[AIM OF THE TASK]:
Look in the material below for the line with "(x0 xs : X)" and the line with "exists N. intros Nm Np HNm _.", then set down exactly those two lines and all lines between, nothing more.

[DATA TO EXAMINE]:
++++

Theorem theorem1p7
  (X : RHilbert) (B : X -> X)
  (HBlin : is_linear B) (HBbd : is_bounded B) (HBsa : self_adjoint B)
  (HBnorm : opnorm_is B 1) (HBrho : spectral_radius_is B 1)
  (HBm1 : ~ is_eigenvalue B (-1))
  (f : X) (Hsolv : exists x : X, x = hadd (B x) f)
  (P : X -> X) (HP : orth_proj_onto (ker_I_minus B) P)
  (x0 xs : X) (Hxs : xs = hadd (B xs) f) (HPxs : P xs = P x0)
  (inL : (nat -> R) -> Prop) (normL : (nat -> R) -> R)
  (HL : seq_banach inL normL) (HLmon : monotone_norm inL normL)
  (HLsig : sigmas_bounded inL normL)
  (sn : nat -> R) (Hsn : forall n, sigma_norm_is inL normL n (sn n)) :
  (forall (fs : nat -> X) (ds : nat -> R),
     (forall n, 0 <= ds n) -> inL ds ->
     (forall n, hnorm (hsub (fs n) f) <= ds n) ->
     forall n,
       hnorm (hsub (iterseq B fs x0 n) xs)
       <= hnorm (hsub (iterseq B (fun _ => f) x0 n) xs) + sn n * normL ds)
  /\
  (forall eps, eps > 0 ->
     exists N : nat, forall Nm Np : nat, (N <= Nm)%nat -> (Nm < Np)%nat ->
       exists eta, eta > 0 /\
         forall (fs : nat -> X) (ds : nat -> R),
           (forall n, 0 <= ds n) -> inL ds ->
           (forall n, hnorm (hsub (fs n) f) <= ds n) ->
           normL ds < eta ->
           forall n, (Nm <= n)%nat -> (n <= Np)%nat ->
             hnorm (hsub (iterseq B fs x0 n) xs) < eps).
Proof.
  pose proof (contraction_of_opnorm1 B HBlin HBnorm) as HBc.
  pose proof (perturbed_iterseq_error_le B inL normL HBlin HBc HL sn Hsn f) as Herr.
  split; [intros fs ds _; apply Herr|].
  assert (Hy : forall k, B k = k -> hinner (hsub x0 xs) k = 0).
  { apply (orth_proj_ker_orth _ P _ HP).
    now rewrite (linearB P (proj1 HP)), HPxs, hsubxx. }
  intros eps Heps.
  destruct (iter_converges_to0 B HBlin HBsa HBc _ HBm1 Hy (eps / 2)) as [N HN]; [lra|].
  exists N. intros Nm Np HNm _.
  destruct (bounded_on_initial_segment sn Np) as [M [HM HMb]].
  exists (eps / (2 * M)). split; [apply Rdiv_lt_0_compat; lra|].
  intros fs ds _ HdsL Hfs Hsmall n Hn1 Hn2.
  pose proof (Herr fs ds x0 xs HdsL Hfs n) as Hbound.
  rewrite (iterseq_sub_fixed B HBlin f x0 xs n Hxs) in Hbound.
  specialize (HN n ltac:(lia)). rewrite hsubx0 in HN.
  pose proof (sigma_norm_ge0 inL normL HL n (sn n) (Hsn n)).
  pose proof (proj1 (proj2 (proj2 (proj2 HL))) ds HdsL) as HdsL0.
  assert (M * normL ds < eps / 2).
  { replace (eps / 2) with (M * (eps / (2 * M))) by (field; lra).
    now apply Rmult_lt_compat_l. }
  specialize (HMb n Hn2). nra.
Qed.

++++

[REPLY]:
  (x0 xs : X) (Hxs : xs = hadd (B xs) f) (HPxs : P xs = P x0)
  (inL : (nat -> R) -> Prop) (normL : (nat -> R) -> R)
  (HL : seq_banach inL normL) (HLmon : monotone_norm inL normL)
  (HLsig : sigmas_bounded inL normL)
  (sn : nat -> R) (Hsn : forall n, sigma_norm_is inL normL n (sn n)) :
  (forall (fs : nat -> X) (ds : nat -> R),
     (forall n, 0 <= ds n) -> inL ds ->
     (forall n, hnorm (hsub (fs n) f) <= ds n) ->
     forall n,
       hnorm (hsub (iterseq B fs x0 n) xs)
       <= hnorm (hsub (iterseq B (fun _ => f) x0 n) xs) + sn n * normL ds)
  /\
  (forall eps, eps > 0 ->
     exists N : nat, forall Nm Np : nat, (N <= Nm)%nat -> (Nm < Np)%nat ->
       exists eta, eta > 0 /\
         forall (fs : nat -> X) (ds : nat -> R),
           (forall n, 0 <= ds n) -> inL ds ->
           (forall n, hnorm (hsub (fs n) f) <= ds n) ->
           normL ds < eta ->
           forall n, (Nm <= n)%nat -> (n <= Np)%nat ->
             hnorm (hsub (iterseq B fs x0 n) xs) < eps).
Proof.
  pose proof (contraction_of_opnorm1 B HBlin HBnorm) as HBc.
  pose proof (perturbed_iterseq_error_le B inL normL HBlin HBc HL sn Hsn f) as Herr.
  split; [intros fs ds _; apply Herr|].
  assert (Hy : forall k, B k = k -> hinner (hsub x0 xs) k = 0).
  { apply (orth_proj_ker_orth _ P _ HP).
    now rewrite (linearB P (proj1 HP)), HPxs, hsubxx. }
  intros eps Heps.
  destruct (iter_converges_to0 B HBlin HBsa HBc _ HBm1 Hy (eps / 2)) as [N HN]; [lra|].
  exists N. intros Nm Np HNm _.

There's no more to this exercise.